I thought that adding the "-R /zsplitroot" arg to the zpool split so
that also did the import would result in a zpool.cache file that
contained by.  zpool status after the split shows both pool, which
I didn't think was the case if you don't use -R.

g.
Comment 11 Andriy Gapon freebsd_committer freebsd_triage 2012-06-30 08:59:33 UTC
on 30/06/2012 02:33 George Hartzell said the following:
> I thought that adding the "-R /zsplitroot" arg to the zpool split so
> that also did the import would result in a zpool.cache file that
> contained by.  zpool status after the split shows both pool, which
> I didn't think was the case if you don't use -R.

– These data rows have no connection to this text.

(* Consider $n$ bosonic modes with drift matrix $A$ (satisfying $A+A^{\sf T}<0$) and diffusion matrix $D$ (with strictly positive eigenvalues), continuously monitored by a general-dyne measurement. Let $\sigma_c$ be a conditional steady-state covariance matrix obtainable in this setting, i.e. a real symmetric $2n\times 2n$ matrix with $\sigma_c+i\Omega\ge0$ and $A\sigma_c+\sigma_c A^{\sf T}+D\ge 0$. Let $\lambda^{\downarrow}_1\ge\lambda^{\downarrow}_2$ be the two largest eigenvalues of $\sigma_c$, let $\alpha^{\uparrow}_1\le\alpha^{\uparrow}_2\le\dots$ be the (strictly positive) eigenvalues of $-(A+A^{\sf T})$ in increasing order, and let $\delta^{\downarrow}_1\ge\delta^{\downarrow}_2\ge\dots$ be the eigenvalues of $D$ in decreasing order. Then $$\lambda^{\downarrow}_1\lambda^{\downarrow}_2\le\frac{(\delta^{\downarrow}_1+\delta^{\downarrow}_2)^2}{4\,\alpha^{\uparrow}_1\alpha^{\uparrow}_2}.$$
   Context: Setting: $n$ bosonic modes with canonical operators $\hat{\mathbf R}=(\hat x_1,\hat p_1,\dots,\hat x_n,\hat p_n)^{\sf T}$, $[\hat R_j,\hat R_k]=i\Omega_{jk}$, $\Omega=\bigoplus_{j=1}^n\begin{pmatrix}0&1\\-1&0\end{pmatrix}$. The covariance matrix (CM) of a state $\varrho$ is $\sigma_{jk}=\mathrm{Tr}(\{\hat R_j,\hat R_k\}\varrho)-2\mathrm{Tr}(\hat R_j\varrho)\mathrm{Tr}(\hat R_k\varrho)$. The system evolves by the Lindblad master equation $\dot\varrho=-i[\hat H,\varrho]+\sum_{j=1}^L\mathcal D[\hat c_j]\varrho$, with $\hat H=\frac12\hat{\mathbf R}^{\sf T}H\hat{\mathbf R}$ ($H$ real symmetric), $\hat{\mathbf c}=\widetilde C\hat{\mathbf R}$ ($\widetilde C$ a complex $L\times 2n$ matrix), $\mathcal D[O]\varrho=O\varrho O^\dagger-\frac12(O^\dagger O\varrho+\varrho O^\dagger O)$. The drift matrix is $A=\Omega(H+\mathrm{Im}[\widetilde C^\dagger\widetilde C])$ and the diffusion matrix is $D=2\Omega\,\mathrm{Re}[\widetilde C^\dagger\widetilde C]\Omega^{\sf T}$, so that without monitoring $\dot\sigma=A\sigma+\sigma A^{\sf T}+D$. Under continuous general-dyne monitoring of the environment (any diffusive Gaussian unravelling), the conditional CM $\sigma_c$ evolves deterministically, and a CM $\sigma_c$ is obtainable as a stabilising steady-state conditional CM for some general-dyne unravelling if and only if $\sigma_c+i\Omega\ge0$ and $A\sigma_c+\sigma_cA^{\sf T}+D\ge0$. *)

From HB Require Import structures.
From mathcomp Require Import all_boot all_order all_algebra.
From mathcomp Require Import complex.
Set Implicit Arguments. Unset Strict Implicit. Unset Printing Implicit Defensive.
Import Order.TTheory GRing.Theory Num.Theory.
Local Open Scope ring_scope.

Section Defs.
Variable R : rcfType.

(* Symplectic form Omega = (+)_{j=1}^n [[0,1],[-1,0]] with ordering
   (x_1,p_1,...,x_n,p_n): indices 2k (x_k) and 2k+1 (p_k), 0-based. *)
Definition Omega (n : nat) : 'M[R]_(2 * n) :=
  \matrix_(i, j) (if ~~ odd i && (j == i.+1 :> nat) then 1
                  else if odd i && (j.+1 == i :> nat) then -1 else 0).

Definition ReM m p (M : 'M[R[i]]_(m, p)) : 'M[R]_(m, p) := map_mx (@complex.Re R) M.
Definition ImM m p (M : 'M[R[i]]_(m, p)) : 'M[R]_(m, p) := map_mx (@complex.Im R) M.
Definition toC m p (M : 'M[R]_(m, p)) : 'M[R[i]]_(m, p) :=
  map_mx (fun x => (x%:C)%C) M.
Definition adjM m p (M : 'M[R[i]]_(m, p)) : 'M[R[i]]_(p, m) :=
  (map_mx (@conjc R) M)^T.

Definition drift n L (H : 'M[R]_(2 * n)) (Ct : 'M[R[i]]_(L, 2 * n)) :
  'M[R]_(2 * n) := Omega n *m (H + ImM (adjM Ct *m Ct)).
Definition diffusion n L (Ct : 'M[R[i]]_(L, 2 * n)) : 'M[R]_(2 * n) :=
  2%:R *: (Omega n *m ReM (adjM Ct *m Ct) *m (Omega n)^T).

Definition sym_mx m (M : 'M[R]_m) : Prop := M^T = M.
Definition psd_real m (M : 'M[R]_m) : Prop :=
  sym_mx M /\ forall v : 'cV[R]_m, 0 <= (v^T *m M *m v) 0 0.
Definition negdef_real m (M : 'M[R]_m) : Prop :=
  sym_mx M /\ forall v : 'cV[R]_m, v != 0 -> (v^T *m M *m v) 0 0 < 0.
Definition psd_complex m (M : 'M[R[i]]_m) : Prop :=
  forall v : 'cV[R[i]]_m,
    complex.Im ((adjM v *m M *m v) 0 0) = 0 /\ 0 <= complex.Re ((adjM v *m M *m v) 0 0).

(* s is the list of eigenvalues of M, counted with (algebraic) multiplicity:
   the characteristic polynomial splits as prod_{x in s} (X - x). *)
Definition eigenvalues_of m (M : 'M[R]_m) (s : seq R) : Prop :=
  char_poly M = \prod_(x <- s) ('X - x%:P).
Definition eigs_decreasing m (M : 'M[R]_m) (s : seq R) : Prop :=
  eigenvalues_of M s /\ sorted (fun x y => y <= x) s.
Definition eigs_increasing m (M : 'M[R]_m) (s : seq R) : Prop :=
  eigenvalues_of M s /\ sorted (fun x y => x <= y) s.

End Defs.

(* Let u, v be orthonormal eigenvectors of sigma for lambda_1, lambda_2.
   Evaluating the positive matrix A sigma + sigma A^T + D at u gives
   lambda_1 a_u <= d_u, where a_u and d_u are the Rayleigh quotients of
   -(A + A^T) and D at u; likewise lambda_2 a_v <= d_v.  By Ky Fan's principle
   a_u, a_v >= alpha_1 and a_u + a_v >= alpha_1 + alpha_2, so a_u a_v >= alpha_1 alpha_2,
   while d_u + d_v <= delta_1 + delta_2.  Hence
   4 lambda_1 lambda_2 alpha_1 alpha_2 <= 4 (lambda_1 a_u) (lambda_2 a_v)
     <= (lambda_1 a_u + lambda_2 a_v)^2 <= (delta_1 + delta_2)^2.
   The spectral theorem is used over R[i], so eigenvectors are complex and the
   Rayleigh quotients are real parts of Hermitian forms. *)

From Pilot Require Import Defs.
From HB Require Import structures.
From mathcomp Require Import all_boot all_order all_algebra ring lra zify.
From mathcomp Require Import complex spectral sesquilinear.
Import Order.TTheory GRing.Theory Num.Theory.
Set Implicit Arguments. Unset Strict Implicit. Unset Printing Implicit Defensive.
Local Open Scope ring_scope.

Lemma char_poly_conj (F : fieldType) n (P A : 'M[F]_n) : P \in unitmx ->
  char_poly (invmx P *m A *m P) = char_poly A.
Proof.
move=> Pu; rewrite /char_poly /char_poly_mx.
have -> : 'X%:M - map_mx polyC (invmx P *m A *m P) =
    map_mx polyC (invmx P) *m ('X%:M - map_mx polyC A) *m map_mx polyC P.
  rewrite mulmxBr mulmxBl !map_mxM -!mulmxA; congr (_ - _).
  by rewrite mul_scalar_mx -scalemxAr -map_mxM mulVmx // map_mx1 scalemx1.
rewrite !det_mulmx !det_map_mx det_inv mulrC mulrA -polyCM mulfV ?mul1r //.
by rewrite -unitfE -unitmxE.
Qed.
(* Let $n\geq 1$ be an integer and let $a,b,x\in\mathbb{C}$. Then $$\sum_{k=0}^{n}\binom{n+k}{2k}C_k x^{2k}(b-x^2)^{n-k}=b\sum_{k=0}^{n-1}\binom{n-1}{k}M_k^{(a,b)}x^k(x^2-ax+b)^{n-1-k},$$ where $C_k$ is the $k$-th Catalan number and $M_k^{(a,b)}$ is the $(a,b)$-Motzkin number defined in the context.
   Context: Let $C_k=\frac{1}{k+1}\binom{2k}{k}$ be the Catalan numbers. For an integer $m\geq 0$ and $a,b\in\mathbb{C}$, the $(a,b)$-Motzkin number is $$M_m^{(a,b)}=\sum_{k=0}^{\lfloor m/2\rfloor}\binom{m}{2k}C_k a^{m-2k}b^k .$$ In particular $M_0^{(a,b)}=1$. *)

From mathcomp Require Import all_boot all_order all_algebra.
From mathcomp Require Import reals complex.
Set Implicit Arguments. Unset Strict Implicit. Unset Printing Implicit Defensive.
Import GRing.Theory Num.Theory.
Local Open Scope ring_scope.

Definition catalan (k : nat) : nat := ('C(k.*2, k) %/ k.+1)%N.

Definition motzkin {R : pzRingType} (a b : R) (m : nat) : R :=
  \sum_(0 <= k < m./2.+1) ('C(m, k.*2) * catalan k)%:R * a ^+ (m - k.*2) * b ^+ k.

(* Write S_n(X, Y) = sum_k C(n+k, 2k) C_k X^k Y^(n-k), so that the left-hand side is
   S_n(x^2, b - x^2).  The coefficients C(m, 2j) C_j are hypergeometric in m and j,
   which gives three-term recurrences for S_n(X, Y) and for M_m^(a,b); with
   a = 2X + Y and b = X(X + Y) (so a^2 - 4b = Y^2) both S_(n+1)(X, Y) and
   (X + Y) M_n^(a,b) satisfy the same recurrence, and they agree for n = 0, 1.
   For X = x^2, X + Y = b this gives b M_(n-1)^(x^2+b, b x^2).  The right-hand side
   equals the same thing by the binomial transform
   sum_k C(N, k) M_k^(a,b) x^k y^(N-k) = M_N^(a x + y, b x^2), taken at y = x^2 - a x + b. *)

From mathcomp Require Import all_boot all_order all_algebra.
From mathcomp Require Import reals complex.
From mathcomp Require Import zify ring.
Import GRing.Theory Num.Theory.

Lemma ffactD n l i : n ^_ (l + i) = n ^_ l * (n - l) ^_ i.
Proof.
elim: i => [|i IH]; first by rewrite addn0 muln1.
by rewrite addnS !ffactnSr IH subnDA mulnA.
Qed.

Lemma mul_bin_bin n l k : 'C(n, k + l) * 'C(k + l, l) = 'C(n, l) * 'C(n - l, k).
Proof.
have lk_gt0 : 0 < l`! * k`! by rewrite muln_gt0 !fact_gt0.
apply/eqP; rewrite -(eqn_pmul2r lk_gt0); apply/eqP.
have := bin_fact (leq_addl k l); rewrite addnK => fact_kl.
by rewrite -mulnA fact_kl bin_ffact addnC ffactD -!bin_ffact; ring.
Qed.

Definition motzkin_coef (m j : nat) : nat := 'C(m, j.*2) * catalan j.

Lemma catalan_mulS j : catalan j * j.+1 = 'C(j.*2, j).
Proof.
have := mul_bin_left j.*2 j; rewrite -addnn addnK addnn => bin_jS.
rewrite /catalan; have -> : 'C(j.*2, j) = j.+1 * ('C(j.*2, j) - 'C(j.*2, j.+1)).
  by rewrite mulnBr bin_jS -mulnBl subSnn mul1n.
by rewrite mulKn // mulnC.
Qed.

Lemma motzkin_coef0 m : motzkin_coef m 0 = 1.
Proof. by rewrite /motzkin_coef bin0. Qed.

Lemma motzkin_coef_eq0 m j : m < j.*2 -> motzkin_coef m j = 0.
Proof. by move=> lt_m_2j; rewrite /motzkin_coef bin_small. Qed.

Lemma schroeder_coef_eq0 n k : n < k -> motzkin_coef (n + k) k = 0.
Proof. by move=> lt_nk; rewrite motzkin_coef_eq0 // -addnn ltn_add2r. Qed.

Lemma motzkin_coef_fact m j : motzkin_coef m j * (j`! * j.+1`!) = m ^_ j.*2.
Proof.
have := bin_fact (leq_addr j j); rewrite addnK addnn => fact_2j.
by rewrite -bin_ffact -fact_2j -catalan_mulS factS /motzkin_coef; ring.
Qed.

(* Multiplying by (i+1)! (i+2)! turns the four coefficients into m^_(2i) times
   polynomials in m and d = m - 2i. *)
Lemma motzkin_coef_relation m i (c0 c1 c2 c3 : nat) :
  (forall d, m = i.*2 + d ->
     c0 * (m.+2 * m.+1) + c1 * (d * d.-1) = c2 * (m.+1 * d) + c3 * (i.+1 * i.+2)) ->
  c0 * motzkin_coef m.+2 i.+1 + c1 * motzkin_coef m i.+1
  = c2 * motzkin_coef m.+1 i.+1 + c3 * motzkin_coef m i.
Proof.
move=> rel; pose F := i.+1`! * i.+2`!.
have F_gt0 : 0 < F by rewrite muln_gt0 !fact_gt0.
have fact_i : motzkin_coef m i * F = m ^_ i.*2 * (i.+1 * i.+2).
  by rewrite -motzkin_coef_fact /F !factS; ring.
apply/eqP; rewrite -(eqn_pmul2r F_gt0); apply/eqP.
transitivity (c0 * (motzkin_coef m.+2 i.+1 * F) + c1 * (motzkin_coef m i.+1 * F)).
  by ring.
transitivity (c2 * (motzkin_coef m.+1 i.+1 * F) + c3 * (motzkin_coef m i * F)); last by ring.
rewrite fact_i !motzkin_coef_fact doubleS !ffactSS !ffactnSr.
have [lt_m_2i | le_2i_m] := ltnP m i.*2; first by rewrite ffact_small // !(mul0n, muln0).
have [d def_m] : exists d, m = i.*2 + d by exists (m - i.*2); rewrite subnKC.
have -> : m - i.*2 = d by lia.
have -> : m - (i.*2).+1 = d.-1 by lia.
move: (_ ^_ _) => Q.
transitivity ((c0 * (m.+2 * m.+1) + c1 * (d * d.-1)) * Q); first by ring.
by rewrite (rel d def_m); ring.
Qed.

Lemma motzkin_coef_rec m j :
  (m + 4) * motzkin_coef m.+2 j + (m + 1) * motzkin_coef m j
  = (2 * m + 5) * motzkin_coef m.+1 j
    + 4 * (m + 1) * (if j is i.+1 then motzkin_coef m i else 0).
Proof.
case: j => [|i]; first by rewrite !motzkin_coef0; lia.
apply: motzkin_coef_relation => -[|d] ->; rewrite ?addn0 -?addnn; ring.
Qed.

Lemma schroeder_coef_rec n k :
  (n + 3) * motzkin_coef (n.+2 + k) k + n * motzkin_coef (n + k) k
  = (2 * n + 3) * (motzkin_coef (n.+1 + k) k
                   + 2 * (if k is i.+1 then motzkin_coef (n.+1 + i) i else 0)).
Proof.
case: k => [|i]; first by rewrite !motzkin_coef0; lia.
rewrite (addSnnS n i) !addSn mulnDr mulnA; apply: motzkin_coef_relation => -[|d] eq_m.
  by rewrite (_ : i = n.+1); [ring | lia].
by rewrite (_ : n = i + d); [ring | lia].
Qed.

Local Open Scope ring_scope.

Section MotzkinSchroeder.
Context {R : comPzRingType}.
Local Set Implicit Arguments.
Local Unset Strict Implicit.
Implicit Types a b X Y : R.

Lemma big_nat_widen0 (f : nat -> R) n N :
  (n <= N)%N -> (forall k, (n <= k)%N -> f k = 0) ->
  \sum_(0 <= k < n) f k = \sum_(0 <= k < N) f k.
Proof.
move=> le_nN f0; rewrite (big_nat_widen _ _ _ _ _ le_nN) big_mkcondr /=.
by apply: eq_bigr => k _; case: ltnP => // /f0 ->.
Qed.

Lemma motzkin_wide a b m N : (m < N)%N ->
  motzkin a b m = \sum_(0 <= j < N) (motzkin_coef m j)%:R * a ^+ (m - j.*2) * b ^+ j.
Proof.
move=> lt_mN; apply: big_nat_widen0 => [|j]; rewrite ltn_half_double; first lia.
by move=> /motzkin_coef_eq0 coef0; rewrite -/(motzkin_coef m j) coef0 !mul0r.
Qed.

Lemma mulr_motzkin a b m e N : (m < N)%N ->
  a ^+ e * motzkin a b m
  = \sum_(0 <= j < N) (motzkin_coef m j)%:R * a ^+ (e + m - j.*2) * b ^+ j.
Proof.
move=> lt_mN; rewrite (motzkin_wide a b lt_mN) mulr_sumr; apply: eq_bigr => j _.
have [le_2j_m | /motzkin_coef_eq0 ->] := leqP j.*2 m; last by rewrite !mul0r mulr0.
by rewrite (addnC e) -addnBAC // exprD; ring.
Qed.

Lemma mulr_motzkin_b a b m N : (m < N)%N ->
  b * motzkin a b m = \sum_(0 <= j < N.+1)
    (if j is i.+1 then motzkin_coef m i else 0)%:R * a ^+ (m.+2 - j.*2) * b ^+ j.
Proof.
move=> lt_mN; rewrite (motzkin_wide a b lt_mN) big_nat_recl // !mul0r add0r mulr_sumr.
by apply: eq_bigr => j _; rewrite doubleS !subSS exprS; ring.
Qed.

Lemma motzkin_rec a b m :
  (m + 4)%:R * motzkin a b m.+2 + (m + 1)%:R * (a ^+ 2 * motzkin a b m)
  = (2 * m + 5)%:R * (a * motzkin a b m.+1) + (4 * (m + 1))%:R * (b * motzkin a b m).
Proof.
have aM := mulr_motzkin a b 1 (leqnSn m.+2); rewrite expr1 in aM.
rewrite (motzkin_wide a b (ltnSn m.+2)) (mulr_motzkin a b 2 (leqW (leqnSn m.+1))).
rewrite aM (mulr_motzkin_b a b (leqnSn m.+1)) add1n add2n !mulr_sumr -!big_split.
apply: eq_bigr => j _ /=.
transitivity (((m + 4) * motzkin_coef m.+2 j + (m + 1) * motzkin_coef m j)%:R
              * a ^+ (m.+2 - j.*2) * b ^+ j); first by ring.
by rewrite motzkin_coef_rec; ring.
Qed.

Definition schroeder X Y n :=
  \sum_(0 <= k < n.+1) (motzkin_coef (n + k) k)%:R * X ^+ k * Y ^+ (n - k).

Lemma schroeder_wide X Y n N : (n < N)%N ->
  schroeder X Y n
  = \sum_(0 <= k < N) (motzkin_coef (n + k) k)%:R * X ^+ k * Y ^+ (n - k).
Proof.
by move=> lt_nN; apply: big_nat_widen0 => // k /schroeder_coef_eq0 ->; rewrite !mul0r.
Qed.

Lemma mulr_schroeder X Y n e N : (n < N)%N ->
  Y ^+ e * schroeder X Y n
  = \sum_(0 <= k < N) (motzkin_coef (n + k) k)%:R * X ^+ k * Y ^+ (e + n - k).
Proof.
move=> lt_nN; rewrite (schroeder_wide X Y lt_nN) mulr_sumr; apply: eq_bigr => k _.
have [le_kn | /schroeder_coef_eq0 ->] := leqP k n; last by rewrite !mul0r mulr0.
by rewrite (addnC e) -addnBAC // exprD; ring.
Qed.

Lemma mulr_schroeder_X X Y n :
  X * schroeder X Y n = \sum_(0 <= k < n.+2)
    (if k is i.+1 then motzkin_coef (n + i) i else 0)%:R * X ^+ k * Y ^+ (n.+1 - k).
Proof.
rewrite big_nat_recl // !mul0r add0r mulr_sumr.
by apply: eq_bigr => k _; rewrite subSS exprS; ring.
Qed.

Lemma schroeder_rec X Y n :
  (n + 3)%:R * schroeder X Y n.+2 + n%:R * (Y ^+ 2 * schroeder X Y n)
  = (2 * n + 3)%:R * ((2%:R * X + Y) * schroeder X Y n.+1).
Proof.
have YS := mulr_schroeder X Y 1 (leqnSn n.+2); rewrite expr1 in YS.
rewrite mulrDl -mulrA mulr_schroeder_X YS (mulr_schroeder X Y 2 (leqW (leqnSn n.+1))).
rewrite add1n add2n /schroeder !mulr_sumr -!big_split mulr_sumr.
apply: eq_bigr => k _ /=.
transitivity (((n + 3) * motzkin_coef (n.+2 + k) k + n * motzkin_coef (n + k) k)%:R
              * X ^+ k * Y ^+ (n.+2 - k)); first by ring.
by rewrite schroeder_coef_rec; ring.
Qed.

Lemma motzkin_coef_binomial a x y n j :
  \sum_(0 <= k < n.+1)
     ('C(n, k) * motzkin_coef k j)%:R * a ^+ (k - j.*2) * x ^+ k * y ^+ (n - k)
  = (motzkin_coef n j)%:R * x ^+ j.*2 * (a * x + y) ^+ (n - j.*2).
Proof.
have [lt_n_2j | le_2j_n] := ltnP n j.*2.
  rewrite motzkin_coef_eq0 // !mul0r big_nat big1 // => k /andP[_ lt_k_Sn].
  by rewrite motzkin_coef_eq0 ?muln0 ?mul0r //; apply: leq_ltn_trans lt_n_2j.
rewrite (@big_cat_nat _ _ _ j.*2 0 n.+1 _ _ (leq0n _) (leqW le_2j_n)) /=.
rewrite big_nat big1 ?add0r; last first.
  by move=> k /andP[_ /motzkin_coef_eq0 ->]; rewrite muln0 !mul0r.
rewrite -{1}(add0n j.*2) big_addn subSn // addrC exprDn big_mkord mulr_sumr.
apply: eq_bigr => -[i /= lt_i] _.
have coef : ('C(n, i + j.*2) * motzkin_coef (i + j.*2) j
               = motzkin_coef n j * 'C(n - j.*2, i))%N.
  by rewrite /motzkin_coef mulnA mul_bin_bin mulnAC.
rewrite coef addnK (_ : n - (i + j.*2) = n - j.*2 - i)%N; last by rewrite addnC subnDA.
by rewrite natrM exprD exprMn; ring.
Qed.

Lemma motzkin_binomial a b x y n :
  \sum_(0 <= k < n.+1) ('C(n, k))%:R * motzkin a b k * x ^+ k * y ^+ (n - k)
  = motzkin (a * x + y) (b * x ^+ 2) n.
Proof.
transitivity (\sum_(0 <= k < n.+1) \sum_(0 <= j < n.+1)
  ('C(n, k))%:R * ((motzkin_coef k j)%:R * a ^+ (k - j.*2) * b ^+ j) * x ^+ k * y ^+ (n - k)).
  apply: eq_big_nat => k /andP[_ lt_k].
  by rewrite (motzkin_wide a b lt_k) mulr_sumr !mulr_suml.
rewrite (motzkin_wide _ _ (ltnSn n)) exchange_big_nat; apply: eq_bigr => j _ /=.
transitivity (b ^+ j * \sum_(0 <= k < n.+1)
  ('C(n, k) * motzkin_coef k j)%:R * a ^+ (k - j.*2) * x ^+ k * y ^+ (n - k)).
  by rewrite mulr_sumr; apply: eq_bigr => k _; rewrite natrM; ring.
by rewrite motzkin_coef_binomial -mul2n exprM [(b * _) ^+ _]exprMn; ring.
Qed.

End MotzkinSchroeder.

Lemma eq_linrec2 (R : pzRingType) (c p q u v : nat -> R) :
  (forall n, GRing.lreg (c n)) ->
  (forall n, c n * u n.+2 + q n * u n = p n * u n.+1) ->
  (forall n, c n * v n.+2 + q n * v n = p n * v n.+1) ->
  u 0 = v 0 -> u 1 = v 1 -> u =1 v.
Proof.
move=> c_reg rec_u rec_v u0 u1.
suff uv n : u n = v n /\ u n.+1 = v n.+1 by move=> n; case: (uv n).
elim: n => [|n [un un1]] //; split=> //.
by apply: (c_reg n); apply: (addIr (q n * u n)); rewrite rec_u un rec_v un1.
Qed.

Lemma schroeder_motzkin (R : numDomainType) (X Y : R) n :
  schroeder X Y n.+1 = (X + Y) * motzkin (2%:R * X + Y) (X * (X + Y)) n.
Proof.
set a := 2%:R * X + Y; set b := X * (X + Y).
pose c n : R := (n + 4)%:R; pose p n := (2 * n + 5)%:R * a; pose q n := (n + 1)%:R * Y ^+ 2.
move: n; apply: (@eq_linrec2 _ c p q (fun n => schroeder X Y n.+1)
                                     (fun n => (X + Y) * motzkin a b n)) => [n|n|n||] /=.
- by apply: mulfI; rewrite pnatr_eq0 addn4.
- rewrite /c /p /q -[_ * Y ^+ 2 * _]mulrA -[_ * a * _]mulrA addn1.
  have -> : (n + 4 = n.+1 + 3)%N by lia.
  have -> : (2 * n + 5 = 2 * n.+1 + 3)%N by lia.
  exact: schroeder_rec.
- apply: (addIr ((X + Y) * ((4 * (n + 1))%:R * (b * motzkin a b n)))).
  transitivity ((X + Y) * ((n + 4)%:R * motzkin a b n.+2
                           + (n + 1)%:R * (a ^+ 2 * motzkin a b n))).
    by rewrite /c /q /a /b; ring.
  by rewrite motzkin_rec /p; ring.
- rewrite /schroeder /motzkin !big_nat_recr // !big_geq //=.
  rewrite -/(motzkin_coef 0 0) (_ : motzkin_coef 2 1 = 1)%N // !motzkin_coef0.
  by rewrite !(subSS, subn0, sub0n); ring.
- rewrite /schroeder /motzkin !big_nat_recr // !big_geq //=.
  rewrite -/(motzkin_coef 1 0) (_ : motzkin_coef 3 1 = 3)%N // (_ : motzkin_coef 4 2 = 2)%N //.
  by rewrite !motzkin_coef0 !(subSS, subn0, sub0n) /a /b; ring.
Qed.

Theorem theorem1p2 (R : realType) (n : nat) (a b x : R[i]) :
  (1 <= n)%N ->
  \sum_(0 <= k < n.+1) ('C(n + k, k.*2) * catalan k)%:R * x ^+ (k.*2) * (b - x ^+ 2) ^+ (n - k)
  = b * \sum_(0 <= k < n) ('C(n.-1, k))%:R * motzkin a b k * x ^+ k
          * (x ^+ 2 - a * x + b) ^+ (n.-1 - k).
Proof.
case: n => [//|n] _ /=.
transitivity (schroeder (x ^+ 2) (b - x ^+ 2) n.+1).
  by apply: eq_bigr => k _; rewrite -[X in x ^+ X]mul2n exprM.
rewrite schroeder_motzkin motzkin_binomial addrC subrK.
by congr (b * motzkin _ _ n); ring.
Qed.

With -R zplitroot is added to the main zpool.cache in /boot/zfs (on zroot).
Nothing is done with zpool.cache in zplitroot as far as I understand.

-- 
Andriy Gapon
Comment 12 Andriy Gapon freebsd_committer freebsd_triage 2012-06-30 09:01:47 UTC
State Changed
From-To: open->closed

Analysis has not revealed any FreeBSD ZFS bug. 


Comment 13 Andriy Gapon freebsd_committer freebsd_triage 2012-06-30 09:01:47 UTC
Responsible Changed
From-To: freebsd-fs->avg

Record interest in further developments on this report.